Di antara mereka yang partisipan turut membatik, yakni Dinas Perindustrian Kota Semarang, PLN, dan mahasiswa asing yang ikut pertukaran pelajar di Universitas Soegijapranata (Unika) Semarang.
Seorang mahasiswa, Barca, mengaku senang sekali dengan batik, khususnya yang berasal dari Indonesia.
Apalagi dengan terus mempertahankan budaya tradisional, yakni menggunakan batik setiap hari, hal itu merupakan bagian yang menyenangkan.
"Saya selalu memakai batik, tidak hanya dikesempatan acara yang formal, namun di mana saja, dan di hari-hari saya, saya selalu memakai batik, karena batik, sangat luar biasa sekali," katanya, usai turut membatik di Kampung Batik.
Kepala Dinas Perindustrian Kota Semarang, Mustohar, mengatakan, batik merupakan salah satu warisan budaya milik Indonesia yang sudah diakui dunia.
"Sehingga perayaan Hari Batik Nasional ini merupakan wujud salah satu penandaan bagi kita bahwa lewat kearifan lokal bangsa kita, kita punya karya yang luar biasa dan sudah dapat legitimasi di luar negeri termasuk Unesco," sebutnya.
Kampung Batik sendiri, katanya, merupakan salah satu kampung tematik yang dimiliki Kota Semarang, yang mana masih banyak lagi kampung tematik lainnya, yang digagas oleh Wali Kota Semarang.

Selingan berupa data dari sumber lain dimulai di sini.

Lemma ksubs_split : S = low n S ++ map (addn n) (high n S).
Proof. by have [] := subseq_iota_split S_sub. Qed.

Lemma nth_ksubs_split x : x < k ->
  nth 0 S x = if x < k - nhigh n S then nth 0 (low n S) x
              else n + nth 0 (high n S) (x - (k - nhigh n S)).
Proof.
have [hk _ _] := nhigh_bounds.
move=> xk; rewrite {1}ksubs_split nth_cat size_low size_S; case: ifP => // xl.
by rewrite (nth_map 0) // size_high; lia.
Qed.

Lemma nth_ksubs_lt x : x < k -> (nth 0 S x < n) = (x < k - nhigh n S).
Proof.
move=> xk; rewrite nth_ksubs_split //; case: ifP => xl; last by rewrite ltnNge leq_addr.
have : nth 0 (low n S) x \in low n S by rewrite mem_nth // size_low size_S.
by rewrite mem_filter => /andP[].
Qed.

End KSubsetSplit.

Section BlockPermutation.
Variables n m k : nat.
Local Notation r := 'C(n + m, k).
Local Notation S_ a := (ktuple (n + m) k a).

Definition hcount (a : 'I_r) : nat := nhigh n (S_ a).
Definition lrank (a : 'I_r) : nat := krank n (k - hcount a) (low n (S_ a)).
Definition hrank (a : 'I_r) : nat := krank m (hcount a) (high n (S_ a)).

Let S_ksubs (a : 'I_r) : S_ a \in ksubs (iota 0 (n + m)) k.
Proof. exact: ktuple_ksubs. Qed.

Lemma lrank_lt a : lrank a < 'C(n, k - hcount a).
Proof. exact/krank_lt/low_ksubs. Qed.

Lemma hrank_lt a : hrank a < 'C(m, hcount a).
Proof. exact/krank_lt/high_ksubs. Qed.

Lemma ktuple_lrank a : ktuple n (k - hcount a) (lrank a) = low n (S_ a).
Proof. exact/krankK/low_ksubs. Qed.

Lemma ktuple_hrank a : ktuple m (hcount a) (hrank a) = high n (S_ a).
Proof. exact/krankK/high_ksubs. Qed.

Lemma ksplit_inj a b :
  hcount a = hcount b -> lrank a = lrank b -> hrank a = hrank b -> a = b.
Proof.
move=> eh el er.
have lowE : low n (S_ a) = low n (S_ b) by rewrite -!ktuple_lrank eh el.
have highE : high n (S_ a) = high n (S_ b) by rewrite -!ktuple_hrank eh er.
apply: val_inj => /=; rewrite -(ktupleK (ltn_ord a)) -(ktupleK (ltn_ord b)).
by rewrite (ksubs_split (S_ksubs a)) (ksubs_split (S_ksubs b)) lowE highE.
Qed.

Lemma hcount_bounds a : [/\ hcount a <= k, hcount a <= m & k - hcount a <= n].
Proof. exact: nhigh_bounds. Qed.

Lemma block_index_lt a : hcount a - i1 n m k < nblk n m k.
Proof. have [] := hcount_bounds a; rewrite /nblk /i2 /i1; lia. Qed.

Definition block_index a : 'I_(nblk n m k) := Ordinal (block_index_lt a).

Lemma i1_block_index a : i1 n m k + block_index a = hcount a.
Proof. have [] := hcount_bounds a; rewrite /= /i1; lia. Qed.

(* In [kron], this is the row pairing row lrank of A^(k-i) with row hrank of B^(i). *)
Lemma block_offset_lt a : lrank a * 'C(m, hcount a) + hrank a < bsize n m k (block_index a).
Proof.
rewrite /bsize i1_block_index (leq_trans (_ : _ < (lrank a).+1 * 'C(m, hcount a))) //.
  by rewrite mulSn addnC ltn_add2r hrank_lt.
by rewrite leq_mul2r lrank_lt orbT.
Qed.

Definition block_offset a : 'I_(bsize n m k (block_index a)) := Ordinal (block_offset_lt a).

Definition block_rank a : 'I_r :=
  cast_ord (bsize_sum n m k) (tagnat.Rank (block_index a) (block_offset a)).

Lemma block_rank_inj : injective block_rank.
Proof.
move=> a b /(congr1 val) /= /eqP; rewrite tagnat.eq_Rank => /andP[/eqP ej /eqP ep].
have eh : hcount a = hcount b by rewrite -!i1_block_index ej.
move: ep => /=; rewrite eh => /(congr1 (fun x => (x %/ 'C(m, hcount b), x %% 'C(m, hcount b)))).
have := hrank_lt a; have := hrank_lt b; rewrite eh => hb ha.
rewrite /= !divnMDl ?modnMDl ?divn_small ?modn_small ?addn0 //; try lia.
by case; apply: ksplit_inj.
Qed.

Definition block_perm : 'S_r := perm block_rank_inj.

End BlockPermutation.

Local Open Scope ring_scope.

Section MatrixEntries.
Variable R : nzRingType.

Lemma mgetE p q (M : 'M[R]_(p, q)) (i : 'I_p) (j : 'I_q) : mget M i j = M i j.
Proof. by rewrite /mget !valK. Qed.

Lemma mget_ord p q (M : 'M[R]_(p, q)) i j (hi : (i < p)%N) (hj : (j < q)%N) :
  mget M i j = M (Ordinal hi) (Ordinal hj).
Proof. by rewrite -mgetE. Qed.

Lemma mget_out p q (M : 'M[R]_(p, q)) i j : ~~ ((i < p) && (j < q))%N -> mget M i j = 0.
Proof.
rewrite negb_and /mget => /orP[h|h]; first by rewrite insubF //; apply/negbTE.
by case: insubP => // *; rewrite insubF //; apply/negbTE.
Qed.

Lemma mget1 p i j : mget (1%:M : 'M[R]_p) i j = ((i == j) && (i < p)%N)%:R.
Proof.
have [hi|hi] := boolP (i < p)%N; last by rewrite mget_out ?(negbTE hi) // andbF.
have [hj|hj] := boolP (j < p)%N; last first.
  by rewrite mget_out ?hi ?andbT //; case: eqP => // e; rewrite -e hi in hj.
by rewrite (mget_ord _ hi hj) mxE /= andbT.
Qed.

Lemma mget_block_mx p q (X : 'M[R]_p) (Y : 'M[R]_q) u v :
  mget (block_mx X 0 0 Y) u v =
  if (u < p)%N then (if (v < p)%N then mget X u v else 0)
  else if (v < p)%N then 0 else mget Y (u - p) (v - p).
Proof.
have [hu|hu] := boolP (u < p + q)%N; last first.
  rewrite mget_out ?(negbTE hu) //; case: ifP => up; first lia.
  by case: ifP => // _; rewrite mget_out //; lia.
have [hv|hv] := boolP (v < p + q)%N; last first.
  rewrite mget_out ?(negbTE hv) ?andbF //; case: ifP => up; case: ifP => vp //; try lia.
  by rewrite mget_out //; lia.
rewrite (mget_ord _ hu hv).
case: (split_ordP (Ordinal hu)) => u' eu; case: (split_ordP (Ordinal hv)) => v' ev.
all: rewrite eu ev; move: eu ev => /(congr1 val) /= eu /(congr1 val) /= ev.
all: by rewrite ?eu ?ev ?block_mxEul ?block_mxEur ?block_mxEdl ?block_mxEdr ?mxE ?addKn ?mgetE.
Qed.

Lemma expr_block_diag p q (X : 'M[R]_p) (Y : 'M[R]_q) l :
  (block_mx X 0 0 Y) ^+ l = block_mx (X ^+ l) 0 0 (Y ^+ l).
Proof.
elim: l => [|l IH]; first by rewrite !expr0 -scalar_mx_block.
by rewrite !exprS -!mulmxE IH mulmx_block !mulmx0 !mul0mx !addr0 !add0r.
Qed.

End MatrixEntries.

Definition detfun (R : comNzRingType) k (F : nat -> nat -> R) : R :=
  \det (\matrix_(x < k, y < k) F x y).

Section DetFun.
Variable R : comNzRingType.
Implicit Type F : nat -> nat -> R.

Lemma eq_detfun k F G :
  (forall x y, (x < k)%N -> (y < k)%N -> F x y = G x y) -> detfun k F = detfun k G.
Proof. by move=> FG; congr (\det _); apply/matrixP => x y; rewrite !mxE FG. Qed.

Lemma detfun_tr k F : detfun k F = detfun k (fun x y => F y x).
Proof. by rewrite /detfun -det_tr; congr (\det _); apply/matrixP => x y; rewrite !mxE. Qed.

Lemma detfun_block_diag p1 p2 F :
  (forall x y, (x < p1 + p2)%N -> (y < p1 + p2)%N -> (x < p1)%N != (y < p1)%N -> F x y = 0) ->
  detfun (p1 + p2) F = detfun p1 F * detfun p2 (fun x y => F (p1 + x)%N (p1 + y)%N).
Proof.
move=> F0; rewrite /detfun -(det_ublock _ 0); congr (\det _); apply/matrixP => x y.
rewrite [LHS]mxE; case: (split_ordP x) => x' ->; case: (split_ordP y) => y' ->.
all: rewrite ?block_mxEul ?block_mxEur ?block_mxEdl ?block_mxEdr !mxE //=.
all: by have := ltn_ord x'; have := ltn_ord y'; move=> *; apply: F0; lia.
Qed.

(* The first p rows live in the first q < p columns, so they are dependent. *)
Lemma detfun_eq0_narrow k p q F : (q < p)%N -> (p <= k)%N ->
  (forall x y, (x < p)%N -> (q <= y < k)%N -> F x y = 0) -> detfun k F = 0.
Proof.
move=> qp pk F0; rewrite /detfun /determinant big1 // => s _.
have [/forallP small|] := boolP [forall i : 'I_k, (i < p)%N ==> (s i < q)%N].
  have fP (x : 'I_p) : (s (widen_ord pk x) < q)%N by apply: (implyP (small _)); rewrite /= ltn_ord.
  have /leq_card : injective (fun x => Ordinal (fP x)).
    by move=> x y /(congr1 val) /= /val_inj /perm_inj /(congr1 val) /= e; apply: val_inj.
  by rewrite !card_ord; lia.
rewrite negb_forall => /existsP[i]; rewrite negb_imply -leqNgt => /andP[ip qsi].
by rewrite (bigD1 i) //= mxE F0 ?qsi ?ltn_ord // mul0r mulr0.
Qed.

"Dengan keberadaan kampung tersebut, bisa memberikan dampak positif bagi warga sekitar kampung. Dan juga bisa dikembangkan terus dalam hal destinasi wisata, serta meningkatkan mutu produksi batik yang ada di Semarang," sambung dia.

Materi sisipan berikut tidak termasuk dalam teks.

Definition image (C D : Category) (F : Functor C D) (y : D) : Prop :=
  exists c, F c = y.

Definition corestr_image (C D : Category) (F : Functor C D) :
    Functor C (fullsub (image F)) :=
  corestr (fun c => ex_intro _ c erefl).

Section ImageFactorization.
Variables (C D Q : Category) (F : Functor C D) (q : Functor C Q).
Hypothesis F_full : full F.
Hypothesis q_obj : forall c c', F c = F c' -> q c = q c'.
Hypothesis q_hom : forall c d c' d' (m : Hom c d) (m' : Hom c' d'),
  heq (fhom F m) (fhom F m') -> heq (fhom q m) (fhom q m').

Definition preim (y : fullsub (image F)) : C :=
  proj1_sig (constructive_indefinite_description _ (proj2_sig y)).

Lemma preimK y : F (preim y) = sval y.
Proof. exact: proj2_sig (constructive_indefinite_description _ (proj2_sig y)). Qed.

Definition lift a b (g : Hom (F a) (F b)) : Hom a b :=
  proj1_sig (constructive_indefinite_description _ (F_full g)).

Lemma liftK a b (g : Hom (F a) (F b)) : fhom F (lift g) = g.
Proof. exact: proj2_sig (constructive_indefinite_description _ (F_full g)). Qed.

Lemma q_eq c d (m m' : Hom c d) : fhom F m = fhom F m' -> fhom q m = fhom q m'.
Proof. by move=> Fmm'; apply/heq_eq/q_hom; rewrite Fmm'; apply: heq_refl. Qed.

Definition factor_hom (y z : fullsub (image F)) (g : Hom y z) :
    Hom (q (preim y)) (q (preim z)) :=
  fhom q (lift (hcast (esym (preimK y)) (esym (preimK z)) g)).

Lemma factor_hom_id y : factor_hom (idm y) = idm (q (preim y)).
Proof. by rewrite /factor_hom -fhom_id; apply: q_eq; rewrite liftK fhom_id hcast_idm. Qed.

Lemma factor_hom_comp x y z (f : Hom x y) (g : Hom y z) :
  factor_hom (comp g f) = comp (factor_hom g) (factor_hom f).
Proof.
rewrite /factor_hom -fhom_comp; apply: q_eq.
by rewrite fhom_comp !liftK /= (hcast_comp _ (esym (preimK y))).
Qed.

Definition factor : Functor (fullsub (image F)) Q :=
  {| fobj := fun y => q (preim y); fhom := factor_hom;
     fhom_id := factor_hom_id; fhom_comp := factor_hom_comp |}.

Lemma factor_corestr : feq (fcomp factor (corestr_image F)) q.
Proof.
apply: feqP => [c|c d m]; first exact/q_obj/preimK.
by apply: q_hom; rewrite liftK; apply: heq_hcast.
Qed.

End ImageFactorization.

Section Zigzags.
Variables (A B D Q : Category) (L R : Functor A B) (F : Functor B D) (q : Functor B Q).
Hypotheses (L_full : full L) (F_faithful : faithful F) (F_full : full F).
Hypotheses (FLR : feq (fcomp F L) (fcomp F R)) (qLR : feq (fcomp q L) (fcomp q R)).

Definition linked (b b' : B) : Prop := exists e, b = L e /\ b' = R e.

Hypothesis linked_refl : forall b, linked b b.

Definition zigzag : B -> B -> Prop := clos_refl_sym_trans B linked.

Adapun pada acara tersebut, juga bertepatan dengan program Corporate Social Responsibility (CSR) PT PLN yang menyalurkan bantuan program untuk pengembangan Kampung Batik Semarang sebagai destinasi wisata unggulan.
Sementara itu, Ketua Paguyuban Sekar Kenanga, Eko Hariyanto, dengan adanya CSR dari PLN dan intensnya Pemkot Semarang mendukung para pembatik di Kampung Batik, ekonomi masyarakatnya meningkat.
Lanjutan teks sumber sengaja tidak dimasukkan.